WHAT THE TASK ASKS
For the records below, report how many lines include the word "then". Only the number should appear.

Stored items
◆ ◆ ◆ ◆ ◆ ◆ ◆
(* The following are equivalent: (i) there exists a decomposition of $V$ which is split with respect to the orderings $E_0,\ldots,E_d$ and $E^*_0,\ldots,E^*_d$; (ii) for all $0\le i,j\le d$: $E^*_iAE^*_j=0$ if $i-j>1$ and $E^*_iAE^*_j\ne0$ if $i-j=1$; and $E_iA^*E_j=0$ if $j-i>1$ and $E_iA^*E_j\ne0$ if $j-i=1$.
   Context: Let $\mathbb K$ be a field, $d\ge 0$ an integer, and $\mathcal A$ a $\mathbb K$-algebra isomorphic to $\mathrm{Mat}_{d+1}(\mathbb K)$, with identity $I$. An element of $\mathcal A$ is multiplicity-free if it has $d+1$ mutually distinct eigenvalues, all in $\mathbb K$; for such $A$ with eigenvalues $\theta_0,\ldots,\theta_d$, the primitive idempotent associated with $\theta_i$ is $E_i=\prod_{j\ne i}(A-\theta_jI)/(\theta_i-\theta_j)$. Standing setup: $A,A^*$ are multiplicity-free elements of $\mathcal A$ ($A^*$ is just a name, not an adjoint); $E_0,\ldots,E_d$ is an ordering of the primitive idempotents of $A$ and $\theta_i$ is the eigenvalue of $A$ for $E_i$; $E^*_0,\ldots,E^*_d$ is an ordering of the primitive idempotents of $A^*$ and $\theta^*_i$ is the eigenvalue of $A^*$ for $E^*_i$; $V$ is an irreducible left $\mathcal A$-module. A decomposition of $V$ is a sequence $U_0,\ldots,U_d$ of 1-dimensional subspaces with $V=U_0+\cdots+U_d$ (direct sum). Such a decomposition is split (with respect to the orderings $E_0,\ldots,E_d$ and $E^*_0,\ldots,E^*_d$) if $(A-\theta_iI)U_i=U_{i+1}$ for $0\le i\le d-1$, $(A-\theta_dI)U_d=0$, $(A^*-\theta^*_iI)U_i=U_{i-1}$ for $1\le i\le d$, and $(A^*-\theta^*_0I)U_0=0$. *)

From HB Require Import structures.
From mathcomp Require Import all_boot all_order all_algebra.
Set Implicit Arguments. Unset Strict Implicit. Unset Printing Implicit Defensive.
Import GRing.Theory.
Local Open Scope ring_scope.

(* The algebra is realized as 'M[K]_(d.+1); the irreducible left module V is
   K^(d+1) (column vectors).  We represent vectors of V as ROW vectors, so the
   left action  v |-> M v  becomes  v |-> v *m M^T, and subspaces of V are
   row spaces (mxalgebra, %MS). *)

Definition act (K : fieldType) (n : nat) (M U : 'M[K]_n) : 'M[K]_n := U *m M^T.

Definition mult_free_ordering (K : fieldType) (d : nat)
  (A : 'M[K]_(d.+1)) (th : 'I_(d.+1) -> K) : Prop :=
  injective th /\ forall i, eigenvalue A (th i).
Definition hnorm (x : V) : R := Num.sqrt (sre (ip x x)).

Definition hcomplete : Prop :=
  forall u : nat -> V,
    (forall eps : R, 0 < eps -> exists N : nat, forall m n : nat,
        (N <= m)%N -> (N <= n)%N -> hnorm (u m - u n) < eps) ->
    exists l : V, forall eps : R, 0 < eps -> exists N : nat, forall n : nat,
        (N <= n)%N -> hnorm (u n - l) < eps.

Definition in_span (f : nat -> V) (x : V) : Prop :=
  exists (n : nat) (c : nat -> scal R s), x = \sum_(k < n) c k *: f k.

Definition in_cspan (f : nat -> V) (x : V) : Prop :=
  forall eps : R, 0 < eps -> exists y : V, in_span f y /\ hnorm (x - y) < eps.

Definition hilbert_with_onb (e es : nat -> V) : Prop :=
  [/\ is_inner_product, hcomplete,
      [/\ forall j k : nat, ip (e j) (e k) = (j == k)%:R,
          forall i k : nat, ip (es i) (es k) = (i == k)%:R
        & forall j i : nat, ip (e j) (es i) = 0]
    & forall (x : V) (eps : R), 0 < eps -> exists y z : V,
        [/\ in_span e y, in_span es z & hnorm (x - (y + z)) < eps]].

Definition horth (x y : V) : Prop := ip x y = 0.

Definition on_axes (f : nat -> V) (x : V) : Prop :=
  exists (j : nat) (a : scal R s), x = a *: f j.

Definition continuous_on (A : V -> Prop) (F : V -> R) : Prop :=
  forall x : V, A x -> forall eps : R, 0 < eps ->
    exists2 delta : R, 0 < delta &
      forall y : V, A y -> hnorm (y - x) < delta -> `|F y - F x| < eps.

End Hilbert.

Definition posp (R : realType) (T : Type) (F : T -> R) (z : T) : R := Num.max (F z) 0.
Definition negp (R : realType) (T : Type) (F : T -> R) (z : T) : R := Num.max (- F z) 0.

From mathcomp Require Import all_boot all_order all_algebra.
From mathcomp Require Import classical_sets reals.
From mathcomp.real_closed Require Import complex.
From mathcomp Require Import ring lra.
From Stdlib Require Import ClassicalEpsilon.

Set Implicit Arguments.
Unset Strict Implicit.
Unset Printing Implicit Defensive.

Import Order.TTheory GRing.Theory Num.Theory.
Local Open Scope ring_scope.

(* The extension is F o P, where P is the orthogonal projection onto Z, built
   as the limit of the Fourier partial sums sum_(k < n) <x, e_k> e_k: by
   Bessel's inequality their squared norms increase to a bounded limit, so they
   are Cauchy and converge by completeness. P is additive, 1-Lipschitz (so F o P
   is continuous), fixes Z and kills every e_i^*. Hence P maps two orthogonal
   axis vectors x1, x2 to orthogonal vectors on the e_j-axes, and the two
   hypotheses on F^+ and F^- bound |F(P x1) + F(P x2)| by
   (M1 + M2) ||P x1 + P x2|| = (M1 + M2) ||P (x1 + x2)|| <= (M1 + M2) ||x1 + x2||. *)

Definition scal_real (R : realType) (s : scalars) (t : R) : scal R s :=
  match s return scal R s with RealScalars => t | ComplexScalars => (t%:C)%C end.

Section Scalars.
Variables (R : realType) (s : scalars).
Implicit Types a b : scal R s.

Lemma sconjD a b : sconj (a + b) = sconj a + sconj b.
Proof. by case: s a b => a b //=; rewrite rmorphD. Qed.

Lemma sconjN a : sconj (- a) = - sconj a.
Proof. by case: s a => a //=; rewrite rmorphN. Qed.

Lemma sconjM a b : sconj (a * b) = sconj a * sconj b.
Proof. by case: s a b => a b //=; rewrite rmorphM. Qed.

Lemma sconj0 : sconj (0 : scal R s) = 0.
Proof. by case: s => //; exact: conjc0. Qed.

Lemma sconj_real (t : R) : sconj (scal_real s t) = scal_real s t.
Proof. by case: s => //; exact: conjc_real. Qed.

Lemma sreD a b : sre (a + b) = sre a + sre b.
Proof. by case: s a b => a b //=; case: a => ? ?; case: b. Qed.

Lemma sreN a : sre (- a) = - sre a.
Proof. by case: s a => a //=; case: a. Qed.

Lemma sre0 : sre (0 : scal R s) = 0.
Proof. by case: s. Qed.

Lemma sre_sum (I : Type) (r : seq I) (P : pred I) (F : I -> scal R s) :
  sre (\sum_(i <- r | P i) F i) = \sum_(i <- r | P i) sre (F i).
Proof. exact: (big_morph _ sreD sre0). Qed.

Lemma sre_conj a : sre (sconj a) = sre a.
Proof. by case: s a => a //=; case: a. Qed.

Lemma sreM_real (t : R) a : sre (scal_real s t * a) = t * sre a.
Proof. by case: s a => a //=; case: a => x y /=; rewrite mul0r subr0. Qed.

Lemma sre_ge0 a : 0 <= a -> 0 <= sre a.
Proof. by case: s a => a //=; rewrite lecE /= => /andP[]. Qed.

Lemma sre_eq0 a : 0 <= a -> sre a = 0 -> a = 0.
Proof. by case: s a => a //=; case: a => x y; rewrite lecE /= => /andP[/eqP -> _] ->. Qed.

End Scalars.

Lemma sumr_ord_geq (M : zmodType) (f : nat -> M) (m n : nat) : (m <= n)%N ->
  \sum_(k < n) (if (m <= k)%N then f k else 0) = \sum_(k < n) f k - \sum_(k < m) f k.
Proof.
move=> le_mn; rewrite (big_ord_widen _ f le_mn) [X in _ - X]big_mkcond -sumrB /=.
by apply: eq_bigr => k _; rewrite leqNgt; case: ltnP; rewrite ?subrr ?subr0.
Qed.

Lemma normrD_le_max (R : realDomainType) (a b c d : R) :
  Num.max a 0 + Num.max b 0 <= c -> Num.max (- a) 0 + Num.max (- b) 0 <= d ->
  `|a + b| <= c + d.
Proof.
have [ha hb] : a <= Num.max a 0 /\ b <= Num.max b 0 by rewrite !le_max !lexx.
have [ha' hb'] : - a <= Num.max (- a) 0 /\ - b <= Num.max (- b) 0 by rewrite !le_max !lexx.
have [ha0 hb0] : 0 <= Num.max a 0 /\ 0 <= Num.max b 0 by rewrite !le_max !lexx !orbT.
have [ha0' hb0'] : 0 <= Num.max (- a) 0 /\ 0 <= Num.max (- b) 0 by rewrite !le_max !lexx !orbT.
move=> hc hd; rewrite ler_norml; apply/andP; split; lra.
Qed.
Lemma exprn_le_tilt (a K m : nat) (mu : R) : 0 <= mu -> a%:R <= mu * (1 + K)%:R ->
  (1 + m)%:R ^+ a <= (1 + K)%:R ^+ a * tilt mu K m.
Proof.
move=> mu0 a_le.
have K1 : 0 < (1 + K)%:R :> R by rewrite ltr0n.
have [mK|Km] := leqP m K.
  rewrite -[leLHS]mulr1 ler_pM ?exprn_ge0 ?tilt_ge1 //.
  by apply: lerXn2r; rewrite ?nnegrE ?ler0n ?ler_nat ?leq_add2l.
pose y : R := (m%:R - K%:R) / (1 + K)%:R.
have y0 : 0 <= y by rewrite divr_ge0 ?subr_ge0 ?ler_nat ?(ltnW Km) ?ltW.
have m_le : (1 + m)%:R <= (1 + K)%:R * expR y.
  apply: le_trans (_ : (1 + K)%:R * (1 + y) <= _); last first.
    by rewrite ler_wpM2l ?expR_ge1Dx ?ltW.
  by rewrite mulrDr mulr1 mulrCA divff ?gt_eqF // mulr1 !natrD; lra.
apply: le_trans (_ : ((1 + K)%:R * expR y) ^+ a <= _).
  by apply: lerXn2r; rewrite ?nnegrE ?ler0n ?mulr_ge0 ?expR_ge0.
rewrite exprMn ler_wpM2l ?exprn_ge0 ?ler0n // -expRM_natl.
apply: (@le_trans _ _ (expR (mu * (m%:R - K%:R)))); last by rewrite /tilt lerDr.
by rewrite ler_expR /y mulrA mulrAC ler_pM2r ?subr_gt0 ?ltr_nat // ler_pdivrMr.
Qed.

Lemma exprn_max_le_tilt (n a K : nat) (x : 'I_n -> nat) (mu : R) :
  0 <= mu -> a%:R <= mu * (1 + K)%:R ->
  (1 + \max_(i < n) x i)%:R ^+ a <= (1 + K)%:R ^+ a * \prod_(i < n) tilt mu K (x i).
Proof.
move=> mu0 a_le.
have prod_ge1 (r : seq 'I_n) (P : pred 'I_n) : 1 <= \prod_(i <- r | P i) tilt mu K (x i).
  by elim/big_ind: _ => // [u v|i _]; [exact: mulr_ege1|exact: tilt_ge1].
have K1 : 1 <= (1 + K)%:R ^+ a :> R by rewrite exprn_ege1 // ler1n.
elim/big_ind: _ => [|u v|i _].
- rewrite addn0 expr1n; apply: le_trans K1 _.
  by rewrite -[leLHS]mulr1 ler_wpM2l ?prod_ge1 // (le_trans ler01).
- by rewrite /maxn; case: ifP.
apply: le_trans (exprn_le_tilt (x i) mu0 a_le) _.
rewrite ler_wpM2l ?(le_trans ler01) // (bigD1 i) //= -[leLHS]mulr1.
by rewrite ler_wpM2l ?prod_ge1 // (le_trans ler01) ?tilt_ge1.
Qed.

Definition moment_exponent (d : nat) (j : 'I_d) (beta : nat) (k : 'I_d) : nat :=
  if k == j then beta else 1%N.

Lemma moment_statE (n d : nat) (j : 'I_d) (beta : nat) (X : {ffun 'I_n -> {ffun 'I_d -> nat}}) :
  moment_stat j beta X = \prod_(k < d) (1 + xmax X k)%:R ^+ moment_exponent j beta k :> R.
Proof.
rewrite /moment_stat [RHS](bigD1 j) //= /moment_exponent eqxx; congr (_ * _).
by apply: eq_bigr => k /negPf ->; rewrite expr1.
Qed.

Lemma moment_stat_le_tilt (n d : nat) (j : 'I_d) (beta : nat) (mu : R) (K : 'I_d -> nat)
    (X : {ffun 'I_n -> {ffun 'I_d -> nat}}) :
  0 <= mu -> (forall k, (moment_exponent j beta k)%:R <= mu * (1 + K k)%:R) ->
  moment_stat j beta X <=
  \prod_(k < d) (1 + K k)%:R ^+ moment_exponent j beta k *
  \prod_(i < n) \prod_(k < d) tilt mu (K k) (X i k).
Proof.
move=> mu0 a_le; rewrite moment_statE exchange_big -big_split /=.
by apply: ler_prod => k _; rewrite exprn_ge0 //=; exact: exprn_max_le_tilt.
Qed.

End Tilting.

Section MomentBound.
Variable R : realType.

Lemma exprn_1D_le_expR1 (n : nat) (x : R) : 0 <= x -> n%:R * x <= 1 ->
  (1 + x) ^+ n <= expR 1.
Proof.
move=> x0 nx1; apply: le_trans (_ : expR x ^+ n <= _).
  by apply: lerXn2r; rewrite ?nnegrE ?addr_ge0 ?expR_ge0 // expR_ge1Dx.
by rewrite -expRM_natl ler_expR.
Qed.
◆ ◆ ◆ ◆ ◆ ◆ ◆
TASK RESULT
2